But is it enough to turn the tide? Since the 1980s the percentage of computer science degrees earned by women has fallen by more than half, to 18 from 38 percent. "Every company needs technology," Melinda Gates told BackChannel, "and yet we're graduating fewer women technologists. That is not good for society. We have to change it."

Showing Women a Future in Tech

The bleak statistics for females aiming for tomorrow's STEM fields reflect a related trend: the absence of existing women - as role models - today. Take a look around. Even with the best intentions of newly introduced help for parents, the poster children for tech-career success stories remain men in hoodies. Women held barely a quarter of computer jobs in 2011; and the number is dropping. As Girls Who Code CEO Reshma Saujani told a journalist glumly in 2011, "You cannot be what you cannot see."

This isn't an empty argument. Last year, comedy titans Tina Fey and Amy Poehler said the first spark they had that they could become titans in their field was when they saw Carol Burnett as leader and star of her own show. "It was also important for us to see that Carol was the boss," they said on the day Ms. Burnett received a Lifetime Achievement Award from the Screen Actor's Guild. "It was her show. And that implanted in our brains and made us dream of a life where we could make comedy with our friends but also be their boss."

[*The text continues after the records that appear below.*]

(* As subgroups of $SU(3)$, $$D(9,1,1;2,1,1)\subsetneq D(9,1,1;2,0,1)=D(9,1,1;2,0,0)=D(18,1,1;2,1,1)=D(18,1,1;2,0,0)=D(18,1,1;2,0,1).$$ In particular all five groups on the right are isomorphic to $Fr(162\times 4)$.
   Context: For a positive integer $n$ and integers $a,b$, let $\eta=e^{2i\pi/n}$ and $F(n,a,b)=\mathrm{diag}(\eta^a,\eta^b,\eta^{-a-b})$. For a positive integer $d$ and integers $r,s$, let $\delta=e^{2i\pi/d}$ and $\tilde G(d,r,s)=\begin{pmatrix}\delta^r&0&0\\0&0&\delta^s\\0&-\delta^{-r-s}&0\end{pmatrix}$. Let $E=\begin{pmatrix}0&1&0\\0&0&1\\1&0&0\end{pmatrix}$ and $D(n,a,b;d,r,s)=\langle F(n,a,b),E,\tilde G(d,r,s)\rangle\subset SU(3)$. Let $\omega=e^{2i\pi/3}$, $J$ the antidiagonal matrix with antidiagonal entries $1$, $G_1=\mathrm{diag}(e^{7i\pi/9},-e^{4i\pi/9},-e^{7i\pi/9})$, $G_2=\begin{pmatrix}-\tfrac12 e^{4i\pi/9}&\tfrac{1}{\sqrt2}e^{7i\pi/9}&\tfrac12 e^{4i\pi/9}\\ \tfrac{1}{\sqrt2}e^{7i\pi/9}&0&\tfrac{1}{\sqrt2}e^{7i\pi/9}\\ \tfrac12 e^{4i\pi/9}&\tfrac{1}{\sqrt2}e^{7i\pi/9}&-\tfrac12 e^{4i\pi/9}\end{pmatrix}$, $FUM=-\omega J$, $Fr(162\times 4)=\langle G_1,G_2,FUM\rangle$. *)

From HB Require Import structures.
From mathcomp Require Import all_boot all_order all_algebra all_field.
Set Implicit Arguments. Unset Strict Implicit. Unset Printing Implicit Defensive.
Import Order.TTheory GRing.Theory Num.Theory.
Local Open Scope ring_scope.

(* e^{i pi / n} : the n-th root of -1 with minimal nonnegative argument *)
Definition epi (n : nat) : algC := n.-root (-1).
Definition eta (n : nat) : algC := epi n ^+ 2.

Definition mx3 (a b c d e f g h k : algC) : 'M[algC]_3 :=
  \matrix_(i < 3, j < 3)
    match nat_of_ord i, nat_of_ord j with
    | 0, 0 => a | 0, 1 => b | 0, _ => c
    | 1, 0 => d | 1, 1 => e | 1, _ => f
    | _, 0 => g | _, 1 => h | _, _ => k
    end.

Definition Fmx (n : nat) (a b : int) : 'M[algC]_3 :=
  mx3 (eta n ^ a) 0 0  0 (eta n ^ b) 0  0 0 (eta n ^ (- a - b)).

Definition Gtmx (d : nat) (r s : int) : 'M[algC]_3 :=
  mx3 (eta d ^ r) 0 0  0 0 (eta d ^ s)  0 (- eta d ^ (- r - s)) 0.

Definition Emx : 'M[algC]_3 := mx3 0 1 0  0 0 1  1 0 0.

Inductive gen (S : seq 'M[algC]_3) : 'M[algC]_3 -> Prop :=
  | gen_in x : x \in S -> gen S x
  | gen_one : gen S 1%:M
  | gen_mul x y : gen S x -> gen S y -> gen S (x *m y)
  | gen_inv x : gen S x -> gen S (invmx x).

Definition Dgrp (n : nat) (a b : int) (d : nat) (r s : int) : 'M[algC]_3 -> Prop :=
  gen [:: Fmx n a b; Emx; Gtmx d r s].

Definition omega : algC := eta 3.
Definition Jmx : 'M[algC]_3 := mx3 0 0 1  0 1 0  1 0 0.
Definition G1mx : 'M[algC]_3 :=
  mx3 (epi 9 ^+ 7) 0 0  0 (- epi 9 ^+ 4) 0  0 0 (- epi 9 ^+ 7).
Definition G2mx : 'M[algC]_3 :=
  let p := epi 9 ^+ 4 in let q := epi 9 ^+ 7 in let t := (sqrtC 2)^-1 in
  mx3 (- p / 2) (t * q) (p / 2)
      (t * q) 0 (t * q)
      (p / 2) (t * q) (- p / 2).
Definition FUMmx : 'M[algC]_3 := - omega *: Jmx.
Definition Fr162x4 : 'M[algC]_3 -> Prop := gen [:: G1mx; G2mx; FUMmx].

Definition set_eq (P Q : 'M[algC]_3 -> Prop) := forall x, P x <-> Q x.
Definition strict_sub (P Q : 'M[algC]_3 -> Prop) :=
  (forall x, P x -> Q x) /\ exists x, Q x /\ ~ P x.

Definition grp_iso (P Q : 'M[algC]_3 -> Prop) :=
  exists f : 'M[algC]_3 -> 'M[algC]_3,
    [/\ forall x, P x -> Q (f x),
        forall x y, P x -> P y -> f x = f y -> x = y,
        forall y, Q y -> exists2 x, P x & f x = y
      & forall x y, P x -> P y -> f (x *m y) = f x *m f y].

From Pilot Require Import Defs.
From HB Require Import structures.
From mathcomp Require Import all_boot all_order all_algebra all_field.
From mathcomp Require Import ring lra.
Set Implicit Arguments. Unset Strict Implicit. Unset Printing Implicit Defensive.
Import Order.TTheory GRing.Theory Num.Theory.
Local Open Scope ring_scope.
Lemma coset_count_pattern :
  exists2 x, x \in G / U & {in G / U, forall c, (a c + q * (c == x) = t)%N}.
Proof.
case: dsD => cardG _ cardD _; set m := #|G : U|.
have card_quo : #|G / U| = m by rewrite card_quotient ?normal_norm.
have m_gt0 : (0 < m)%N by rewrite -card_quo cardG_gt0.
have U_gt0 : (0 < #|U|)%N := cardG_gt0 U.
have Ug_m : (#|U| * m = (q + 1) * (q ^ 2 + 1))%N by rewrite Lagrange.
have key : ((q + 1) * #|U| + t * t * m = 2 * t * (q ^ 2 + q + 1))%N.
  apply/eqP; rewrite -(eqn_pmul2r m_gt0); apply/eqP; nia.
pose f c : int := (Posz (a c) - Posz t)%R.
have expH : {in G / U, forall c, c ^+ (p ^ e).+1 = 1}.
  move=> _ /morphimP[g gN gG ->].
  by rewrite -morphX //= coset_id // -addn1 expU.
have autocorr_f : {in G / U, forall z,
    autocorr (G / U) f z = if z == 1 then Posz (p ^ (2 * e)) else 0%R}.
  move=> z zGU.
  have shift : (\sum_(c in G / U) a (z^-1 * c))%N = (\sum_(c in G / U) a c)%N.
    rewrite [RHS](reindex_inj (mulgI z^-1)) /=; apply: eq_bigl => c.
    by rewrite groupMl ?groupV.
  pose sum_pos := (\sum_(c in G / U) (a c * a (z^-1 * c) + t * t))%N.
  pose sum_neg := (\sum_(c in G / U) (t * a c + t * a (z^-1 * c)))%N.
  have -> : autocorr (G / U) f z = (Posz sum_pos - Posz sum_neg)%R.
    rewrite /autocorr /sum_pos /sum_neg !(big_morph Posz PoszD (erefl (Posz 0))) -sumrB.
    by apply: eq_bigr => c _; rewrite /f !PoszD !PoszM; ring.
  rewrite /sum_pos /sum_neg !big_split /= sum_nat_const -!big_distrr /= shift.
  rewrite (sum_coset_count U dsD) (coset_count_autocorr nsUG dsD) // card_quo cardD.
  have q2 : (p ^ (2 * e) = q ^ 2)%N by rewrite mulnC expnM.
  by case: eqP => _; rewrite ?q2; apply/eqP; rewrite subr_eq -PoszD eqz_nat; nia.
have abGU := quotient_abelian U abG.
have [x xGU [f0 _]] := autocorr_delta_support p_pr e_gt0 abGU expH autocorr_f.
have sum_f : (\sum_(c in (G / U)%g) f c)%R = f x.
  by rewrite (bigD1 x) //= big1 ?addr0 // => c /andP[cGU cx]; apply: f0.
have fx : f x = (- Posz q)%R.
  rewrite -sum_f /f sumrB -(big_morph Posz PoszD (erefl (Posz 0))).
  rewrite (sum_coset_count U dsD) sumr_const card_quo cardD.
  have -> : (Posz t *+ m)%R = Posz (t * m) by rewrite PoszM -mulr_natr natz.
  by rewrite index_t; apply/eqP; rewrite subr_eq; apply/eqP; lia.
exists x => // c cGU; have [-> | cx] := eqVneq c x.
  by move: fx; rewrite /f muln1 => /eqP; rewrite subr_eq; lia.
by move: (f0 c cGU cx); rewrite /f muln0 addn0 => /eqP; rewrite subr_eq0; lia.
Qed.
(* Let $\alpha,\beta\in(0,1]$, and let $L(t,u,v,w):\mathbb{T}^\kappa\times\mathbb{R}^3\to\mathbb{R}$ have continuous second-order partial derivatives in $(u,v,w)$. Consider the problem $$\mathcal{L}(y)=\int_a^bL\bigl(t,y(\sigma(t)),({}_a\Delta_h^\alpha y)(t),({}_h\Delta_b^\beta y)(t)\bigr)\Delta t\to\min,\qquad y(a)=A,\ y(b)=B,$$ over $y:\mathbb{T}\to\mathbb{R}$. If $\hat y$ is a local minimizer, then for all $t\in\mathbb{T}^{\kappa^2}$, $$L_u[\hat y](t)+\bigl({}_h\Delta_{\rho(b)}^{\alpha}L_v[\hat y]\bigr)(t)+\bigl({}_a\Delta_h^{\beta}L_w[\hat y]\bigr)(t)=0,$$ where $[y](s)=(s,y(\sigma(s)),({}_a\Delta_h^\alpha y)(s),({}_h\Delta_b^\beta y)(s))$ and $L_v[\hat y]$, $L_w[\hat y]$ are the functions $s\mapsto L_v([\hat y](s))$, $s\mapsto L_w([\hat y](s))$ on $\mathbb{T}^\kappa$.
   Context: Let $a\in\mathbb{R}$, $h>0$, $b=a+kh$ with $k\in\mathbb{N}$, $k\ge2$, $\mathbb{T}=\{a,a+h,\dots,b\}$, $\mathbb{T}^\kappa=\mathbb{T}\setminus\{b\}$, $\mathbb{T}^{\kappa^2}=\mathbb{T}\setminus\{b-h,b\}$, $\sigma(t)=t+h$, $\rho(t)=t-h$, $G^\Delta(t)=(G(t+h)-G(t))/h$; $\int_c^dG(s)\Delta s:=h\sum_{j=0}^{(d-c)/h-1}G(c+jh)$ for $c\le d$. $h$-factorial: $x_h^{(y)}:=h^y\Gamma(\frac{x}{h}+1)/\Gamma(\frac{x}{h}+1-y)$ (division at a pole yields zero). For $\nu\ge0$, $c\in\mathbb{T}$, $G$ on $\{s\in\mathbb{T}:s\le c\}$, $t\le c$: $({}_a\Delta_h^{-\nu}G)(t+\nu h):=h^\nu G(t)+\frac{\nu}{\Gamma(\nu+1)}\int_a^t(t+\nu h-\sigma(s))_h^{(\nu-1)}G(s)\Delta s$ and $({}_h\Delta_c^{-\nu}G)(t-\nu h):=h^\nu G(t)+\frac{\nu}{\Gamma(\nu+1)}\int_{\sigma(t)}^{\sigma(c)}(s+\nu h-\sigma(t))_h^{(\nu-1)}G(s)\Delta s$. For $0<\alpha\le1$, $\gamma=1-\alpha$, $t<c$: $({}_a\Delta_h^{\alpha}G)(t):=[\tau\mapsto({}_a\Delta_h^{-\gamma}G)(\tau+\gamma h)]^\Delta(t)$, $({}_h\Delta_c^{\alpha}G)(t):=-[\tau\mapsto({}_h\Delta_c^{-\gamma}G)(\tau-\gamma h)]^\Delta(t)$. Norm: $\|y\|=\max_{t\in\mathbb{T}^\kappa}|y(\sigma(t))|+\max_{t\in\mathbb{T}^\kappa}|({}_a\Delta_h^\alpha y)(t)|+\max_{t\in\mathbb{T}^\kappa}|({}_h\Delta_b^\beta y)(t)|$. $\hat y$ with $\hat y(a)=A$, $\hat y(b)=B$ is a local minimizer if for some $\delta>0$, $\mathcal{L}(\hat y)\le\mathcal{L}(y)$ for all $y$ with $y(a)=A$, $y(b)=B$, $\|y-\hat y\|<\delta$. *)

From Stdlib Require Import Reals Lra ZArith ClassicalEpsilon.
Open Scope R_scope.

Fixpoint rsum (n : nat) (f : nat -> R) : R :=
  match n with O => 0 | S m => rsum m f + f m end.
Fixpoint rprod (n : nat) (f : nat -> R) : R :=
  match n with O => 1 | S m => rprod m f * f m end.
Fixpoint rmaxabs (n : nat) (f : nat -> R) : R :=
  match n with O => 0 | S m => Rmax (rmaxabs m f) (Rabs (f m)) end.

(* ---------- Euler Gamma function (Gauss limit formula) ----------
   Gamma x = lim_n n! n^x / (x (x+1) ... (x+n)), which converges for every
   x that is not a non-positive integer. *)
Definition gauss_seq (x : R) (n : nat) : R :=
  INR (fact n) * Rpower (INR n) x / rprod (S n) (fun j => x + INR j).
Definition Gamma (x : R) : R :=
  epsilon (inhabits 0) (fun l => Un_cv (gauss_seq x) l).

(* ---------- h-factorial ----------
   x_h^(y) = h^y Gamma(x/h+1) / Gamma(x/h+1-y); zero when x/h+1-y is a pole
   (a non-positive integer) of Gamma. *)
Definition hfact (h x y : R) : R :=
  if excluded_middle_informative (exists m : nat, x / h + 1 - y = - INR m)
  then 0
  else Rpower h y * Gamma (x / h + 1) / Gamma (x / h + 1 - y).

Why Women in Tech Role Models are in Short Supply

But finding those women-in-tech examples remains a challenge. And there's reason to worry it will remain so. Last March, tech writer Madeline Vuong wrote about missed opportunities - such as women left to pump breast milk in a server room - that inadvertently roll out the unwelcome mat. It's an illustration that, as we've said before, leave alone will only get you so far.

"Without other infrastructure like child care or lactation support," she wrote on Geek Wire, "women will still quit their jobs."

That exodus is a big miss. Women told our Modern Family Index they're eager to be moms and professionals. But after children, they're meeting skepticism and judgment that's potentially fueling a hasty - and unfortunate - exit. The vicious cycle: few women staying in tech, few female role models promoting the field, and so few young girls who can see how it's done.

Of course,  some women do work in technology, as evidenced by news of today's up and comers being courted to sit on boards at some of the big Silicon Valley companies. But to get girls into the field, it's going to take more than high-profile executives or celebrities on screens. To entice those women of tomorrow, young women and girls will have to see success in their own back yards.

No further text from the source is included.